We see that most of the mentioned approaches involve training a neural network on user data, which combines user and item information for prediction. Several strategies exist for such an information fusion, but so far the effect of this choice has barely been analyzed.

Hence, in this work we explore the direction of using neural networks for simultaneously fitting user data and learning vector representations for users, and analyze the effects of different fusion variants. As user data, we decide to use movie ratings from different users, where we represent movies as (dense) feature vectors based on tags. Our goal is to fit this data with a neural network that takes user ID and movie features as input, while predicting the corresponding ratings and learning to embed the users into vectors. The focus thereby lies on the representation learning component, i.e., we want to find out how to learn “good” embeddings. To this end, we mainly address these questions: Which way of combining user and movie information is suitable for such a task? What is the effect of embedding size? And how can we define and quantify the quality of embeddings? In this regard, the contributions of this work can be summed up as following:

We propose a novel evaluation measure for quality of user embeddings. 2. 2.

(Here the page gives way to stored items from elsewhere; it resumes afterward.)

(* Let $\varphi$ be any forecasting system (not necessarily computable or non-degenerate) and $\omega\in\Omega$. If $\omega$ is Martin-Löf test random for $\varphi$, then $\omega$ is Martin-Löf random for $\varphi$.
   Context: Notation: $\mathbb N_0=\{0,1,\dots\}$; $\Omega=\{0,1\}^{\mathbb N}$; $\mathbb S$ finite binary strings, $\square$ empty string, $\omega^n$ first $n$ entries of $\omega$; $[s]=\{\omega:\omega^{|s|}=s\}$, $[A]=\bigcup_{s\in A}[s]$; for $A\subseteq\mathbb N_0\times\mathbb S$, $A_n=\{s:(n,s)\in A\}$. $\mathcal I$: nonempty closed subintervals of $[0,1]$; $\overline E_I(f)=\max_{p\in I}[pf(1)+(1-p)f(0)]$. Forecasting system: any map $\varphi:\mathbb S\to\mathcal I$. Supermartingale for $\varphi$: $M:\mathbb S\to\mathbb R$ with $\overline E_{\varphi(s)}(M(s\,\cdot))\le M(s)$ for all $s$; test supermartingale: non-negative with $M(\square)=1$. $\overline P_\varphi(G)=\inf\{M(\square):M\text{ supermartingale for }\varphi,\ \liminf_nM(\omega^n)\ge\mathbb 1_G(\omega)\ \forall\omega\}$. A real map $r:\mathbb S\to\mathbb R$ is lower semicomputable if there is a recursive $q:\mathbb S\times\mathbb N_0\to\mathbb Q$, non-decreasing in the second argument, with $q(s,n)\to r(s)$. $\omega$ is Martin-Löf random for $\varphi$ if every lower semicomputable test supermartingale $T$ for $\varphi$ satisfies $\sup_nT(\omega^n)<\infty$. A Martin-Löf test for $\varphi$ is a recursively enumerable $A\subseteq\mathbb N_0\times\mathbb S$ with $\overline P_\varphi([A_n])\le2^{-n}$ for all $n$; $\omega$ is Martin-Löf test random for $\varphi$ if $\omega\notin\bigcap_n[A_n]$ for every Martin-Löf test $A$ for $\varphi$. *)

From HB Require Import structures.
From mathcomp Require Import all_boot all_order all_algebra.
From mathcomp Require Import all_classical all_reals all_analysis.
Set Implicit Arguments. Unset Strict Implicit. Unset Printing Implicit Defensive.
Import Order.TTheory GRing.Theory Num.Theory.
Import numFieldNormedType.Exports.
Local Open Scope classical_set_scope.
Local Open Scope ring_scope.

Inductive prog : Type :=
| PZero : prog
| PSucc : prog
| PProj : nat -> prog
| PComp : prog -> list prog -> prog
| PRec  : prog -> prog -> prog
| PMu   : prog -> prog.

We analyze the effect of various fusion strategies and embedding size on the resulting quality of learned embeddings.

The rest of the paper is organized as follows. Section II summarizes the previous works that have been related to this field of research. Section III formalizes the task in a detailed manner and introduces the proposed measure for embedding quality. Section IV explains the relevant fusion strategies for neural networks. Section V describes the experiment performed. Section VI summarizes our findings and mentions some future directions.

II RELATED WORK

II-A Learning user embeddings

The main goal of this paper is to learn (meaningful) user embeddings. In the literature, user information has been used in various ways. For example, user information can be exploited for adding cognitive information to the model. This was done by Yamagashi et al. [10] who defined a user embedding as context for learning different speaking styles, such as reading, joyful, and sad. There, the user information is defined in terms of two components: phonetic and linguistic. Additionally, user information has been used for detecting sarcasm and mental health conditions based on social media data [11, 9]. In both of these scenarios, neural networks based on Paragraph2Vec [12] are trained on textual contents with the goal of learning user-dependent word-usage patterns. In this process, the model automatically learns user embeddings that are based on the relationship between users and their texts.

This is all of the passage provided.